Public Forum Comments By Brenda Adelman, RRWPC
Regional Board Chair, Members, and staff:
Starting in early July, I began travelling to Santa Rosa and Rohnert Park on numerous occasions to take photographs very early in the morning of urban wastewater irrigation sites. It was my goal to see if my concerns about urban irrigation with tertiary wastewater were justified. Most sites were not actively irrigating between 7:00 and 8:00 in the morning, but on each of the six days I went out, I found at least two or three sites actively spraying wastewater on their landscape, and in every case, runoff occured. Here are some of my concerns with pictures to illustrate.
- Signage is big problem. Most sites have no signs and those that do are barely visible, as they are tiny and in muted colors. I found only one good sign that was posted in a highly visible location. (Sonoma Mountain Village) I include one good example and one bad. Many of the sites are at parks and school yards where children can easily be exposed. One site was a public bus stop where pools of water can be seen off and on over several years.
- Most site inspections take place when systems are turned off. As irrigation occurs at night, the runoff quickly dissipates and by early morning it becomes virtually impossible to tell there was runoff. Every time I saw irrigation spray occurring, I saw runoff, usually into a storm drain. When 6-8 hours pass between irrigation time and inspection time, there is no way of estimating amount of runoff that occurred. There should be nighttime monitoring if night irrigation is going to continue.
- Runoff is guaranteed where spray goes on sidewalks in order to irrigate narrow vegetation strips between impervious surfaces.

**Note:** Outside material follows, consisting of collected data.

(* If $\sigma : S \to A^\perp \parallel B$ and $\tau : T \to B^\perp \parallel C$ are backward sequential strategies (with $A, B, C$ arenas), so is $\tau \odot \sigma$.
   Context: $e \rightarrow e'$ denotes immediate causal dependency ($e<e'$ with nothing strictly between). A strategy $\sigma:S\to A$ (between event structures with polarities) is a map of esps which is courteous (if $s_1 \rightarrow s_2$ with $\mathrm{pol}(s_1)=+$ or $\mathrm{pol}(s_2)=-$ then $\sigma s_1 \rightarrow \sigma s_2$) and receptive (for every configuration $x$ of $S$, if $\sigma x$ extends by a negative event $a$ to a configuration, there is a unique $s$ with $x\cup\{s\}$ a configuration and $\sigma s=a$). An arena is a countable esp which is a forest, conflict-free and alternating. $S$ is backward sequential if for every $s\in S$ the set $[s]=\{s'\mid s'\le s\}$ is totally ordered. The composition $\tau\odot\sigma$ is obtained by taking the pullback $(S\parallel C)\circledast(A\parallel T)$ of $\sigma\parallel C$ and $A\parallel\tau$ and projecting onto the events not mapped to $B$. *)

From Stdlib Require Import List Relations.
Set Implicit Arguments.

(* Raw data of an event structure with polarities (true = +, false = -).
   Consistency is a predicate on (finite) sets of events. The axioms are
   the separate predicate [isES]. *)
Record esp := ESP {
  ev :> Type;
  leq : ev -> ev -> Prop;
  con : (ev -> Prop) -> Prop;
  pol : ev -> bool }.
Arguments leq {e} _ _.
Arguments con {e} _.
Arguments pol {e} _.

Definition finite {T : Type} (X : T -> Prop) : Prop :=
  exists l : list T, forall x, X x -> In x l.

Definition ltE {E : esp} (e e' : E) : Prop := leq e e' /\ e <> e'.

Definition imm {E : esp} (e e' : E) : Prop :=
  ltE e e' /\ ~ (exists d, ltE e d /\ ltE d e').

Definition isES (E : esp) : Prop :=
  (forall e : E, leq e e) /\
  (forall e1 e2 e3 : E, leq e1 e2 -> leq e2 e3 -> leq e1 e3) /\
  (forall e1 e2 : E, leq e1 e2 -> leq e2 e1 -> e1 = e2) /\
  (forall e : E, finite (fun d => leq d e)) /\
  (forall X : E -> Prop, con X -> finite X) /\
  (forall e : E, con (fun d => d = e)) /\
  (forall X Y : E -> Prop, con Y -> (forall e, X e -> Y e) -> con X) /\
  (forall (X : E -> Prop) (e e' : E), con X -> X e -> leq e' e ->
       con (fun d => X d \/ d = e')).

Definition conf (E : esp) (x : E -> Prop) : Prop :=
  finite x /\ (forall e e' : E, x e -> leq e' e -> x e') /\ con x.

Definition image {X Y : Type} (h : X -> Y) (x : X -> Prop) : Y -> Prop :=
  fun y => exists a, x a /\ h a = y.

Definition dual (E : esp) : esp :=
  ESP (@leq E) (@con E) (fun e => negb (pol e)).

Definition par (E F : esp) : esp :=
  ESP (fun u v : ev E + ev F => match u, v with
                   | inl a, inl b => leq a b
                   | inr a, inr b => leq a b
                   | _, _ => False end)
      (fun X => con (fun a : E => X (inl a)) /\ con (fun b : F => X (inr b)))
      (fun u => match u with inl a => pol a | inr b => pol b end).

Set back from drainage areas, streets and sidewalks should be required.
- Sprays should be on low pressure in areas where people are likely to be present such as impervious surface areas.
- Usually, sites that over-irrigate are repeat offenders and use especially large amounts of water. Repeat offender irrigators should be tracked carefully and their rights to irrigate taken away when they don’t comply.
- There is a governance issue coming up in March of next year when Santa Rosa will no longer oversee Rohnert Park’s irrigation system. They will sell the water to Rohnert Park who will then oversee all the monitoring, reporting, enforcement, etc. even though Santa Rosa is supposedly legally responsible for wastewater generated at the Subregional Treatment Plant. That needs to be addressed.